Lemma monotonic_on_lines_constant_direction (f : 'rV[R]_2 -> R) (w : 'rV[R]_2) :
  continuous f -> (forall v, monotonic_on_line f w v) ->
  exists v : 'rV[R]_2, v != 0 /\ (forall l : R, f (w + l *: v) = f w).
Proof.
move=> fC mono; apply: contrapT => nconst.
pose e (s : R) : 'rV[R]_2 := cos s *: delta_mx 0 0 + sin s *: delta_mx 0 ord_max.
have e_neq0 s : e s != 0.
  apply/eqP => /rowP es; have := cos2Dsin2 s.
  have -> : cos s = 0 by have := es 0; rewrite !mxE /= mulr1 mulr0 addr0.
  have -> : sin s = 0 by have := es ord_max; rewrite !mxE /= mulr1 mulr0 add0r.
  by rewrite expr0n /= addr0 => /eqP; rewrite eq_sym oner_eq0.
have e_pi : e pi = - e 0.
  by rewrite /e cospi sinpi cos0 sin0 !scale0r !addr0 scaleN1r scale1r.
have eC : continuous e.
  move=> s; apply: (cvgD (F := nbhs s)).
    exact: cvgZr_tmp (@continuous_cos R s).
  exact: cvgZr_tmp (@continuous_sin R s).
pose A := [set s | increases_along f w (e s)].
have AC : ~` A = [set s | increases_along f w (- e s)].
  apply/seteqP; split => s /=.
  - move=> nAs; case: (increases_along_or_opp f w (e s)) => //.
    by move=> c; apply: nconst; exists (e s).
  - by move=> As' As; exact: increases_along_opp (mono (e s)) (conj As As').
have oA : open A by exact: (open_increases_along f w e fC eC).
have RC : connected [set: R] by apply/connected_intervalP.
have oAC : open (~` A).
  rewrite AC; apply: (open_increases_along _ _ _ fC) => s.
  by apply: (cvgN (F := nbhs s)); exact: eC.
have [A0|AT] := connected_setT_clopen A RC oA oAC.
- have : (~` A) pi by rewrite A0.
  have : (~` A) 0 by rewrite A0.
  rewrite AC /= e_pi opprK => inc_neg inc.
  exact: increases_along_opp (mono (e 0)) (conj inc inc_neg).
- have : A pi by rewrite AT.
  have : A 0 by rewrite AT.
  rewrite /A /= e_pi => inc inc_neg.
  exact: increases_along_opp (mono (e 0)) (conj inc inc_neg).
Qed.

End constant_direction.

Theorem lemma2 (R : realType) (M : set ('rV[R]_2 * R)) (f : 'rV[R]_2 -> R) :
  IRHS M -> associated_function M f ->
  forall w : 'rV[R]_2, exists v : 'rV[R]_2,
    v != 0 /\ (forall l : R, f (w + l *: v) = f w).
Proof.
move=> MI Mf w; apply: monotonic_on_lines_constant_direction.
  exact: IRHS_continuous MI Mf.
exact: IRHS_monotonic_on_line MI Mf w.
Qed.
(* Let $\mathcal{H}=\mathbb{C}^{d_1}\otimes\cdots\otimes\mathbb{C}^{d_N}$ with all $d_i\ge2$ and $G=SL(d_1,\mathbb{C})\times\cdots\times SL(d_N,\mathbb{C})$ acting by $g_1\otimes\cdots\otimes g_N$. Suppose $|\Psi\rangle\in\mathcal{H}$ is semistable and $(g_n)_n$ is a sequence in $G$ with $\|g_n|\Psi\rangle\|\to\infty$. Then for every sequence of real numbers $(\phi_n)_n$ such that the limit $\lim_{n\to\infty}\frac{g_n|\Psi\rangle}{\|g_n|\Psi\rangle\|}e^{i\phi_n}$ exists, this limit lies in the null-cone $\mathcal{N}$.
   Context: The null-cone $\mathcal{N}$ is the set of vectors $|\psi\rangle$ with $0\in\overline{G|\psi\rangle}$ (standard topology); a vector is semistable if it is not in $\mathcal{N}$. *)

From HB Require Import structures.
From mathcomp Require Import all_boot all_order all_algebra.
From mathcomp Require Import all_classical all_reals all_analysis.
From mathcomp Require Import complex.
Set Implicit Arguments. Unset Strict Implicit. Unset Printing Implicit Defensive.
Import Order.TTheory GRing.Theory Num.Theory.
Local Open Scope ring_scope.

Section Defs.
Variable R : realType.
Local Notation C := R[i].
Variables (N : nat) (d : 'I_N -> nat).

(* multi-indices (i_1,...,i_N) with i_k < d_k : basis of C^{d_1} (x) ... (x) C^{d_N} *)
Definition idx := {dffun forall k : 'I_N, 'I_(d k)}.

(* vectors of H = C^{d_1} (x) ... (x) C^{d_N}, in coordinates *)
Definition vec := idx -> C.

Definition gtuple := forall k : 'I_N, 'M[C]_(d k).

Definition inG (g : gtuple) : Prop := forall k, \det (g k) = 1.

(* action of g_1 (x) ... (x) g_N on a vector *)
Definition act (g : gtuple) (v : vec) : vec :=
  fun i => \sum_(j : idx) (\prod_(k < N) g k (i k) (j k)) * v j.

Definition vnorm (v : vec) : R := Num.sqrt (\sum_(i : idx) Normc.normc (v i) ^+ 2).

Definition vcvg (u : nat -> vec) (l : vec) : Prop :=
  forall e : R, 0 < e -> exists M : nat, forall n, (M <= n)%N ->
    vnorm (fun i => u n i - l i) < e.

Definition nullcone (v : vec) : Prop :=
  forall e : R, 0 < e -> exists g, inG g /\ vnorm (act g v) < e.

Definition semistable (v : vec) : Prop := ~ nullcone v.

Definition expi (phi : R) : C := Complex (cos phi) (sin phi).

==*==

▶ **EXERCISE OBJECTIVE**: Return all the lines shown above, precisely as they stand.

▶ **OUTPUT BELOW**:
Lemma monotonic_on_lines_constant_direction (f : 'rV[R]_2 -> R) (w : 'rV[R]_2) :
  continuous f -> (forall v, monotonic_on_line f w v) ->
  exists v : 'rV[R]_2, v != 0 /\ (forall l : R, f (w + l *: v) = f w).
Proof.
move=> fC mono; apply: contrapT => nconst.
pose e (s : R) : 'rV[R]_2 := cos s *: delta_mx 0 0 + sin s *: delta_mx 0 ord_max.
have e_neq0 s : e s != 0.
  apply/eqP => /rowP es; have := cos2Dsin2 s.
  have -> : cos s = 0 by have := es 0; rewrite !mxE /= mulr1 mulr0 addr0.
  have -> : sin s = 0 by have := es ord_max; rewrite !mxE /= mulr1 mulr0 add0r.
  by rewrite expr0n /= addr0 => /eqP; rewrite eq_sym oner_eq0.
have e_pi : e pi = - e 0.
  by rewrite /e cospi sinpi cos0 sin0 !scale0r !addr0 scaleN1r scale1r.
have eC : continuous e.
  move=> s; apply: (cvgD (F := nbhs s)).
    exact: cvgZr_tmp (@continuous_cos R s).
  exact: cvgZr_tmp (@continuous_sin R s).
pose A := [set s | increases_along f w (e s)].
have AC : ~` A = [set s | increases_along f w (- e s)].
  apply/seteqP; split => s /=.
  - move=> nAs; case: (increases_along_or_opp f w (e s)) => //.
    by move=> c; apply: nconst; exists (e s).
  - by move=> As' As; exact: increases_along_opp (mono (e s)) (conj As As').
have oA : open A by exact: (open_increases_along f w e fC eC).
have RC : connected [set: R] by apply/connected_intervalP.
have oAC : open (~` A).
  rewrite AC; apply: (open_increases_along _ _ _ fC) => s.
  by apply: (cvgN (F := nbhs s)); exact: eC.
have [A0|AT] := connected_setT_clopen A RC oA oAC.
- have : (~` A) pi by rewrite A0.
  have : (~` A) 0 by rewrite A0.
  rewrite AC /= e_pi opprK => inc_neg inc.
  exact: increases_along_opp (mono (e 0)) (conj inc inc_neg).
- have : A pi by rewrite AT.
  have : A 0 by rewrite AT.
  rewrite /A /= e_pi => inc inc_neg.
  exact: increases_along_opp (mono (e 0)) (conj inc inc_neg).
Qed.

End constant_direction.

Theorem lemma2 (R : realType) (M : set ('rV[R]_2 * R)) (f : 'rV[R]_2 -> R) :
  IRHS M -> associated_function M f ->
  forall w : 'rV[R]_2, exists v : 'rV[R]_2,
    v != 0 /\ (forall l : R, f (w + l *: v) = f w).
Proof.
move=> MI Mf w; apply: monotonic_on_lines_constant_direction.
  exact: IRHS_continuous MI Mf.
exact: IRHS_monotonic_on_line MI Mf w.
Qed.
(* Let $\mathcal{H}=\mathbb{C}^{d_1}\otimes\cdots\otimes\mathbb{C}^{d_N}$ with all $d_i\ge2$ and $G=SL(d_1,\mathbb{C})\times\cdots\times SL(d_N,\mathbb{C})$ acting by $g_1\otimes\cdots\otimes g_N$. Suppose $|\Psi\rangle\in\mathcal{H}$ is semistable and $(g_n)_n$ is a sequence in $G$ with $\|g_n|\Psi\rangle\|\to\infty$. Then for every sequence of real numbers $(\phi_n)_n$ such that the limit $\lim_{n\to\infty}\frac{g_n|\Psi\rangle}{\|g_n|\Psi\rangle\|}e^{i\phi_n}$ exists, this limit lies in the null-cone $\mathcal{N}$.
   Context: The null-cone $\mathcal{N}$ is the set of vectors $|\psi\rangle$ with $0\in\overline{G|\psi\rangle}$ (standard topology); a vector is semistable if it is not in $\mathcal{N}$. *)

From HB Require Import structures.
From mathcomp Require Import all_boot all_order all_algebra.
From mathcomp Require Import all_classical all_reals all_analysis.
From mathcomp Require Import complex.
Set Implicit Arguments. Unset Strict Implicit. Unset Printing Implicit Defensive.
Import Order.TTheory GRing.Theory Num.Theory.
Local Open Scope ring_scope.

Section Defs.
Variable R : realType.
Local Notation C := R[i].
Variables (N : nat) (d : 'I_N -> nat).

(* multi-indices (i_1,...,i_N) with i_k < d_k : basis of C^{d_1} (x) ... (x) C^{d_N} *)
Definition idx := {dffun forall k : 'I_N, 'I_(d k)}.

(* vectors of H = C^{d_1} (x) ... (x) C^{d_N}, in coordinates *)
Definition vec := idx -> C.

Definition gtuple := forall k : 'I_N, 'M[C]_(d k).

Definition inG (g : gtuple) : Prop := forall k, \det (g k) = 1.

(* action of g_1 (x) ... (x) g_N on a vector *)
Definition act (g : gtuple) (v : vec) : vec :=
  fun i => \sum_(j : idx) (\prod_(k < N) g k (i k) (j k)) * v j.

Definition vnorm (v : vec) : R := Num.sqrt (\sum_(i : idx) Normc.normc (v i) ^+ 2).

Definition vcvg (u : nat -> vec) (l : vec) : Prop :=
  forall e : R, 0 < e -> exists M : nat, forall n, (M <= n)%N ->
    vnorm (fun i => u n i - l i) < e.

Definition nullcone (v : vec) : Prop :=
  forall e : R, 0 < e -> exists g, inG g /\ vnorm (act g v) < e.

Definition semistable (v : vec) : Prop := ~ nullcone v.

Definition expi (phi : R) : C := Complex (cos phi) (sin phi).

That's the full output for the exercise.